The mechanism of reduction of MT3 expression by Pb toxicity in the liver and kidney is not known. Mammalian MT3 is an unusual protein with a puzzling role (Bousleiman et al., 2017). However, the proposed mechanism may be operative here. The binding Affinity of Pb to MT3 is more compared to its binding with Zn (Carpenter et al., 2016; Wong et al., 2017) and thus during Pb-induced toxicity, Zn may be replaced by Pb and affecting liver and kidney function. Furthermore, Bonaventura et al. (2018) has shown that expression level of MT3 gene is dependent on toxic conditions. However, the mechanisms that show in the PbAc-induced reduction of MT-3 in the liver and kidney remain to be investigated.
Several studies have shown that the mechanism of toxicity of Pb occurs through the production of free radicals and generation of ROS, which result in cellar apoptosis generation (HERRERA et al., 2001). During apoptotic stimuli, Cyt c is released into the cytosol, and mediates the activation of the adaptor molecule apoptosis-protease activating factor 1 (Apaf-1), which is required for the activation of effector caspases (caspases 3, 6, and 7) and induces apoptosis (Dua et al., 2016; Garrido et al., 2006). Also, El-Tantawy et al. (2016) showed a markedly increase of hepatic caspase-3 levels in PbAc-treated rats. Thus, the upregulation of Cyt-c mRNA expression in the liver and kidney of the PbAc-treated rats may explain cell apoptosis production in the present study.

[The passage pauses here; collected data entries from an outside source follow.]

Section FarFromTheBox.
Variables (R : realType) (n d m l : nat) (A : 'M[R]_(m, d) -> 'M[R]_(m, d)).
Hypothesis Alin : forall (a : R) (F G : 'M[R]_(m, d)), A (a *: F + G) = a *: A F + A G.
Hypothesis Apos : forall F : 'M[R]_(m, d), F != 0 -> 0 < frob (A F) F.
Variables phi psi : field R n d m.
Hypothesis far : forall z w, phi z != 0 -> psi w != 0 -> (l - 1 < rho z w)%N.

Lemma orth_proj_eq0_far x P w (j : 'I_d) : (1 < n)%N ->
  is_orth_proj A (inHQ l x) phi P -> inQ l x w -> psi w != 0 -> forall y, P y = 0.
Proof.
move=> n_gt1 [P_in P_orth] w_box psi_w; have P_box := P_in.2.
have energy0 : ipA A P P = 0.
  have := P_orth P P_in; rewrite ipABl // ipA_eq0_disjoint // => [|y].
    by rewrite sub0r => /eqP; rewrite oppr_eq0 => /eqP.
  exact: grad_eq0_far far P_box w_box psi_w.
exact: box_field_eq0 j n_gt1 P_box (grad_eq0_of_ipA Apos energy0).
Qed.

Lemma ip_orth_proj_eq0 x P (j : 'I_d) : (1 < n)%N ->
  is_orth_proj A (inHQ l x) phi P -> ip P psi = 0.
Proof.
move=> n_gt1 P_proj; have P_box := P_proj.1.2.
have [w /andP[w_box psi_w] | psi_out] := pickP (fun w => inQ l x w && (psi w != 0)).
  by apply: ip_eq0_disjoint => y; rewrite (orth_proj_eq0_far j n_gt1 P_proj w_box psi_w) eqxx.
apply: ip_eq0_disjoint => y P_y.
have y_box : inQ l x y by apply: contraTT P_y => /P_box ->; rewrite eqxx.
by move: (psi_out y); rewrite y_box => /negbFE/eqP.
Qed.

Lemma ip_Top_eq0 (Pi : tor n d -> field R n d m -> field R n d m) :
  (1 < n)%N -> (0 < d)%N -> (forall x, is_orth_proj A (inHQ l x) phi (Pi x phi)) ->
  ip (Top l Pi phi) psi = 0.
Proof.
move=> n_gt1 d_gt0 Pi_proj; rewrite ip_Top big1 ?mulr0 // => x _.
exact: ip_orth_proj_eq0 (Ordinal d_gt0) n_gt1 (Pi_proj x).
Qed.

End FarFromTheBox.

Theorem lemma3p6 (R : realType) (L N d m l : nat)
  (HLodd : odd L) (HL : (3 <= L)%N) (HN : (1 <= N)%N) (Hd : (2 <= d)%N)
  (Hm : (1 <= m)%N) (Hl : (3 <= l)%N) (HlN : (l - 1 < L ^ N)%N)
  (A : 'M[R]_(m, d) -> 'M[R]_(m, d))
  (Alin : forall (a : R) (F G : 'M[R]_(m, d)), A (a *: F + G) = a *: A F + A G)
  (Asym : forall F G : 'M[R]_(m, d), frob (A F) G = frob F (A G))
  (Apos : forall F : 'M[R]_(m, d), F != 0 -> 0 < frob (A F) F)
  (Pi : tor (L ^ N) d -> field R (L ^ N) d m -> field R (L ^ N) d m)
  (HPi : forall x phi, inX phi -> is_orth_proj A (inHQ l x) phi (Pi x phi))
  (T' : field R (L ^ N) d m -> field R (L ^ N) d m)
  (HT' : forall phi, inX phi ->
     inX (T' phi) /\ forall psi, inX psi -> ip (T' phi) psi = ip phi (Top l Pi psi))
  (phi psi : field R (L ^ N) d m) (Hphi : inX phi) (Hpsi : inX psi)
  (Hdist : forall x y, phi x != 0 -> psi y != 0 -> (l - 1 < rho x y)%N) :
  [/\ ip (Top l Pi phi) psi = 0,
      ip (T' phi) psi = 0,
      ip (fun y => phi y - Top l Pi phi y) psi = 0
    & ip (fun y => phi y - T' phi y) psi = 0].
Proof.
have n_gt1 : (1 < L ^ N)%N by rewrite -(exp1n N) ltn_exp2r // (leq_trans _ HL).
have d_gt0 : (0 < d)%N by apply: leq_trans Hd.
have Hdist_sym x y : psi x != 0 -> phi y != 0 -> (l - 1 < rho x y)%N.
  by move=> psi_x phi_y; rewrite rho_sym; apply: Hdist.
have T_phi_psi : ip (Top l Pi phi) psi = 0.
  by apply: (ip_Top_eq0 Alin Apos Hdist n_gt1 d_gt0) => x; apply: HPi.
have T'_phi_psi : ip (T' phi) psi = 0.
  rewrite (HT' phi Hphi).2 // ipC.
  by apply: (ip_Top_eq0 Alin Apos Hdist_sym n_gt1 d_gt0) => x; apply: HPi.
have phi_psi : ip phi psi = 0.
  apply: ip_eq0_disjoint => y phi_y; apply/eqP; apply: contraT => /(Hdist _ _ phi_y).
  by rewrite rho_refl.
by split; rewrite // ipBl ?T_phi_psi ?T'_phi_psi phi_psi subr0.
Qed.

Several researches showed that CoQ10 has been implicated in the metabolic pathways that are associated with protecting organisms against oxidative damage (Lee et al., 2012a; Miyamae et al., 2013; Paunović et al., 2017; Rivara et al., 2017; Sharma et al., 2018; Tarry-Adkins et al., 2016). CoQ10 is a potent antioxidant that protects against the production of mitochondrial ROS generated by oxidative stress (La Guardia et al., 2013; Tian et al., 2014). One study has shown the ability of CoQ10 to protect against PbAc-induced neurotoxicity in rats by restoring the balance between the antioxidants and oxidants through its antioxidant and anti-apoptotic activities (Yousef et al., 2019). The present study also showed that CoQ10 can increase MT3 protein and mRNA levels in rats’ liver and kidney after PbAc exposure. CoQ10 also reduced the upregulation of Cyt c mRNA levels. This effect of CoQ10 has modulated the upregulation of anti-apoptotic mitochondrial-related proteins through its antioxidant activity and the inhibition of ROS generation by CoQ10 by neutralizing ROS through protective effects against free radicals (Yousef et al., 2019).